_ENTRIES SHOWN_:
········

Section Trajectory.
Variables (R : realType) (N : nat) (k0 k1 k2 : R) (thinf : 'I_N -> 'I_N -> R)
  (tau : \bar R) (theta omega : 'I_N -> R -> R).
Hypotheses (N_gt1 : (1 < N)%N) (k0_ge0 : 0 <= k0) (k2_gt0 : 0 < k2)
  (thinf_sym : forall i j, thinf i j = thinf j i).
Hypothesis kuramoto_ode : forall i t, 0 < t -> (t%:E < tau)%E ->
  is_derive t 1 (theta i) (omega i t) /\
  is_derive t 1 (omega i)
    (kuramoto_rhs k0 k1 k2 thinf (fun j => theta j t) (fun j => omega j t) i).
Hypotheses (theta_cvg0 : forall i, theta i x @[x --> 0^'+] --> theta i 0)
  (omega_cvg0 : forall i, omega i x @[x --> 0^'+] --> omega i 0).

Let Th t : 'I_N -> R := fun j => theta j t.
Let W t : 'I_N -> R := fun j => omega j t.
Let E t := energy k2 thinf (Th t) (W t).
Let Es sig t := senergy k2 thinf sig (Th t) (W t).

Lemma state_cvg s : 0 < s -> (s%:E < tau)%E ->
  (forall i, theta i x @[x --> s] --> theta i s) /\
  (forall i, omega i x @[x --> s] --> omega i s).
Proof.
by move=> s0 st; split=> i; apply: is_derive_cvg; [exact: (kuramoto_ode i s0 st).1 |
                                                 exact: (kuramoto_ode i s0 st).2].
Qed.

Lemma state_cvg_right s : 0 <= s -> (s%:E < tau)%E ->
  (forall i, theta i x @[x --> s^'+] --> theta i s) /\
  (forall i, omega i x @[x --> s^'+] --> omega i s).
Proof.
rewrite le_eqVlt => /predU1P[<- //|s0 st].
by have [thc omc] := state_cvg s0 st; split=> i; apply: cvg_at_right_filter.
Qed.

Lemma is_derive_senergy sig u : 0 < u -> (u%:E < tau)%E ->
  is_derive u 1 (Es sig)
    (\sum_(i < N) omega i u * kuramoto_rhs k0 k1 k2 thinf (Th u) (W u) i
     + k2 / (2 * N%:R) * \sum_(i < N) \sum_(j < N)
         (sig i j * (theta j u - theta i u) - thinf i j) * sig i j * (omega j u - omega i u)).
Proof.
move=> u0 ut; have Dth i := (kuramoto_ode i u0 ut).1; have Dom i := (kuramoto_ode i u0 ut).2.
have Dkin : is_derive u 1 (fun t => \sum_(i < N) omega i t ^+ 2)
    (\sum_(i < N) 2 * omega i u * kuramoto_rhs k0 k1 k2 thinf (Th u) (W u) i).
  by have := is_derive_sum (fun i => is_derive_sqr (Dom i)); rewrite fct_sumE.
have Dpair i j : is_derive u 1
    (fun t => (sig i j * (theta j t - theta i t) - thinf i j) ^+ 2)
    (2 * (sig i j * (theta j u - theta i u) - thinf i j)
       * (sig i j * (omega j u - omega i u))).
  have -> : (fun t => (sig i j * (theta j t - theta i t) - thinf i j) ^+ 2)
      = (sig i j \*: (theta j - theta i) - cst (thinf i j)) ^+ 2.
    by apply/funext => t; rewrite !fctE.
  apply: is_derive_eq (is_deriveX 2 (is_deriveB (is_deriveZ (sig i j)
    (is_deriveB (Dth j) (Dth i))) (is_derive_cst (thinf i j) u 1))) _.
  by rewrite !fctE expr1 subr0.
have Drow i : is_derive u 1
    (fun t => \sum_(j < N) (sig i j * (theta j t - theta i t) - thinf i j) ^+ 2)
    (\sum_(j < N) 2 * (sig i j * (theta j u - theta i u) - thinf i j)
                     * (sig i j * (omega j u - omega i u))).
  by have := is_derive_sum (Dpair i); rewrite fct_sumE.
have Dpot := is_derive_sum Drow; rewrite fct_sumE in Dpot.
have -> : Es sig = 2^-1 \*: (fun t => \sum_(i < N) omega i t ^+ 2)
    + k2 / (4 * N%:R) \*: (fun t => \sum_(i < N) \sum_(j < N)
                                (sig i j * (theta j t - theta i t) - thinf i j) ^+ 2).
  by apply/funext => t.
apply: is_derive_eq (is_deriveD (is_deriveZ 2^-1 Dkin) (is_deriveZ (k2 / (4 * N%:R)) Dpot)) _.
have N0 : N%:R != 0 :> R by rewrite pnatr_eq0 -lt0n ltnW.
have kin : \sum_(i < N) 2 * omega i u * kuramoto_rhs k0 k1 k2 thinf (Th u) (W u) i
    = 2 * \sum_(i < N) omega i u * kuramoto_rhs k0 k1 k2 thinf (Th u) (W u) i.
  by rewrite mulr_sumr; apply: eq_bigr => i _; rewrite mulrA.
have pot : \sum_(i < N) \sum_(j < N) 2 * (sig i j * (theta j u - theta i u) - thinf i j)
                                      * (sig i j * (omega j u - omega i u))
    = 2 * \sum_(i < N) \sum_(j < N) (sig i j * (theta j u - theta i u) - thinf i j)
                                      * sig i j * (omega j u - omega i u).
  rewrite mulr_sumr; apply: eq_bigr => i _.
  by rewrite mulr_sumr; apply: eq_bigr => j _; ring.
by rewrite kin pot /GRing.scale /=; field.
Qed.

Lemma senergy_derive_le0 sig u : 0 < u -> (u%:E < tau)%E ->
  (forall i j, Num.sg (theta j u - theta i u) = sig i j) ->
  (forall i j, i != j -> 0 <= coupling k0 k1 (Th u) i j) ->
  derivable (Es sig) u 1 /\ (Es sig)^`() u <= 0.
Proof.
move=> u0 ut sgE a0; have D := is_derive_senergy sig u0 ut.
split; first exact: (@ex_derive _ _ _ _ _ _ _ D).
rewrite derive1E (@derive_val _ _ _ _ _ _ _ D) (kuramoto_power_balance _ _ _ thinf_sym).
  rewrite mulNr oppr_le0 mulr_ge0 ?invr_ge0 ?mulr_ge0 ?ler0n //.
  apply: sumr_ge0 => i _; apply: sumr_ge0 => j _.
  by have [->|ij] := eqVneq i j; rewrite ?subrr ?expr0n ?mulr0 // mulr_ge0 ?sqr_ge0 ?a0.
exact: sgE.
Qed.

········

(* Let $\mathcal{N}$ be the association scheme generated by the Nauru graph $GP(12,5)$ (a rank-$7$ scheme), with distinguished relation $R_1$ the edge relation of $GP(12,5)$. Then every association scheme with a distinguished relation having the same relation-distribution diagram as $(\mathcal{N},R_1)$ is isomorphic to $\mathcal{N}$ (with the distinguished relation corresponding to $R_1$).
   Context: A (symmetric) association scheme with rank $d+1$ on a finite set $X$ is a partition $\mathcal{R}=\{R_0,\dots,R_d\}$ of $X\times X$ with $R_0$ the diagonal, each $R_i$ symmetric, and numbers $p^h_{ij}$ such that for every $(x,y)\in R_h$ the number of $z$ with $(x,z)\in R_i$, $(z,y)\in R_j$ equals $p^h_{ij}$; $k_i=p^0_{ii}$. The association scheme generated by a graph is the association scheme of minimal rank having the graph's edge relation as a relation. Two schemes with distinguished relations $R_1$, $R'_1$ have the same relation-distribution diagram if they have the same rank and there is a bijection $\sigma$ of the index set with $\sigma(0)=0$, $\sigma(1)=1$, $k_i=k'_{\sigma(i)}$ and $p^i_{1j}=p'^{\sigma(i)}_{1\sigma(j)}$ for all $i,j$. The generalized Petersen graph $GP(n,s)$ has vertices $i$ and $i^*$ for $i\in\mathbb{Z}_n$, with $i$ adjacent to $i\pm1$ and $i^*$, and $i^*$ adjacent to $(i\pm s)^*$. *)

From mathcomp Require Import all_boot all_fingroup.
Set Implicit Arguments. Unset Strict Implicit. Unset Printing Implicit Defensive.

········

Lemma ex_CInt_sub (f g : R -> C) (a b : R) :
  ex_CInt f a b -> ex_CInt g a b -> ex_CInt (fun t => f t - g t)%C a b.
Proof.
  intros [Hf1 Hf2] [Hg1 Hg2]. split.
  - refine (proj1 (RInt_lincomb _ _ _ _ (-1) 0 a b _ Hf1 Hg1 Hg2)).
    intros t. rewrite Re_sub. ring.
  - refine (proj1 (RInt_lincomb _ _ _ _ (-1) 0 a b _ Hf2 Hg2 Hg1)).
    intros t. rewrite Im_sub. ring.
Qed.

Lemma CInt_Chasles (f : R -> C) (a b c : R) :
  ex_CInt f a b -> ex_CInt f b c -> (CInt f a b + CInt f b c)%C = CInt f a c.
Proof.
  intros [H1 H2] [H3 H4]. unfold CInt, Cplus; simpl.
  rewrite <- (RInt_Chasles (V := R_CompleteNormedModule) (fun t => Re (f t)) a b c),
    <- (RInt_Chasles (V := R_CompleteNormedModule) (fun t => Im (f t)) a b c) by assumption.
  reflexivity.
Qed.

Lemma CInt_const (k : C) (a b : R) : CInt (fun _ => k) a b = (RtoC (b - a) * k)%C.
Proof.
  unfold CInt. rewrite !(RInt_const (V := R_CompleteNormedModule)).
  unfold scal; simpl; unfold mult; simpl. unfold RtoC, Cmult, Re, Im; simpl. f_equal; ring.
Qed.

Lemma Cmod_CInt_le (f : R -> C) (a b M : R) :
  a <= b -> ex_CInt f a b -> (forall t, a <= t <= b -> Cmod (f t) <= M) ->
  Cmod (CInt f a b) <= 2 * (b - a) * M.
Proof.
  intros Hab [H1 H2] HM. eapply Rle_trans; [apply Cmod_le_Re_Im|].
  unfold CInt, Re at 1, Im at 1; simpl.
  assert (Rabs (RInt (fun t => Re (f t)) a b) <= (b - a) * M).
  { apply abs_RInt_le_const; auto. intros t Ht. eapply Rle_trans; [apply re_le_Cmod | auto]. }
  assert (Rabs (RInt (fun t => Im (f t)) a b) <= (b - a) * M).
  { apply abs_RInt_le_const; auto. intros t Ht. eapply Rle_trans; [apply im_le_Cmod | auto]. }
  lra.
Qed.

········

_PROBLEM DESCRIPTION_: Bring together every line in the entries that holds the string "rank".

_RESPONSE_:
(* Let $\mathcal{N}$ be the association scheme generated by the Nauru graph $GP(12,5)$ (a rank-$7$ scheme), with distinguished relation $R_1$ the edge relation of $GP(12,5)$. Then every association scheme with a distinguished relation having the same relation-distribution diagram as $(\mathcal{N},R_1)$ is isomorphic to $\mathcal{N}$ (with the distinguished relation corresponding to $R_1$).
   Context: A (symmetric) association scheme with rank $d+1$ on a finite set $X$ is a partition $\mathcal{R}=\{R_0,\dots,R_d\}$ of $X\times X$ with $R_0$ the diagonal, each $R_i$ symmetric, and numbers $p^h_{ij}$ such that for every $(x,y)\in R_h$ the number of $z$ with $(x,z)\in R_i$, $(z,y)\in R_j$ equals $p^h_{ij}$; $k_i=p^0_{ii}$. The association scheme generated by a graph is the association scheme of minimal rank having the graph's edge relation as a relation. Two schemes with distinguished relations $R_1$, $R'_1$ have the same relation-distribution diagram if they have the same rank and there is a bijection $\sigma$ of the index set with $\sigma(0)=0$, $\sigma(1)=1$, $k_i=k'_{\sigma(i)}$ and $p^i_{1j}=p'^{\sigma(i)}_{1\sigma(j)}$ for all $i,j$. The generalized Petersen graph $GP(n,s)$ has vertices $i$ and $i^*$ for $i\in\mathbb{Z}_n$, with $i$ adjacent to $i\pm1$ and $i^*$, and $i^*$ adjacent to $(i\pm s)^*$. *)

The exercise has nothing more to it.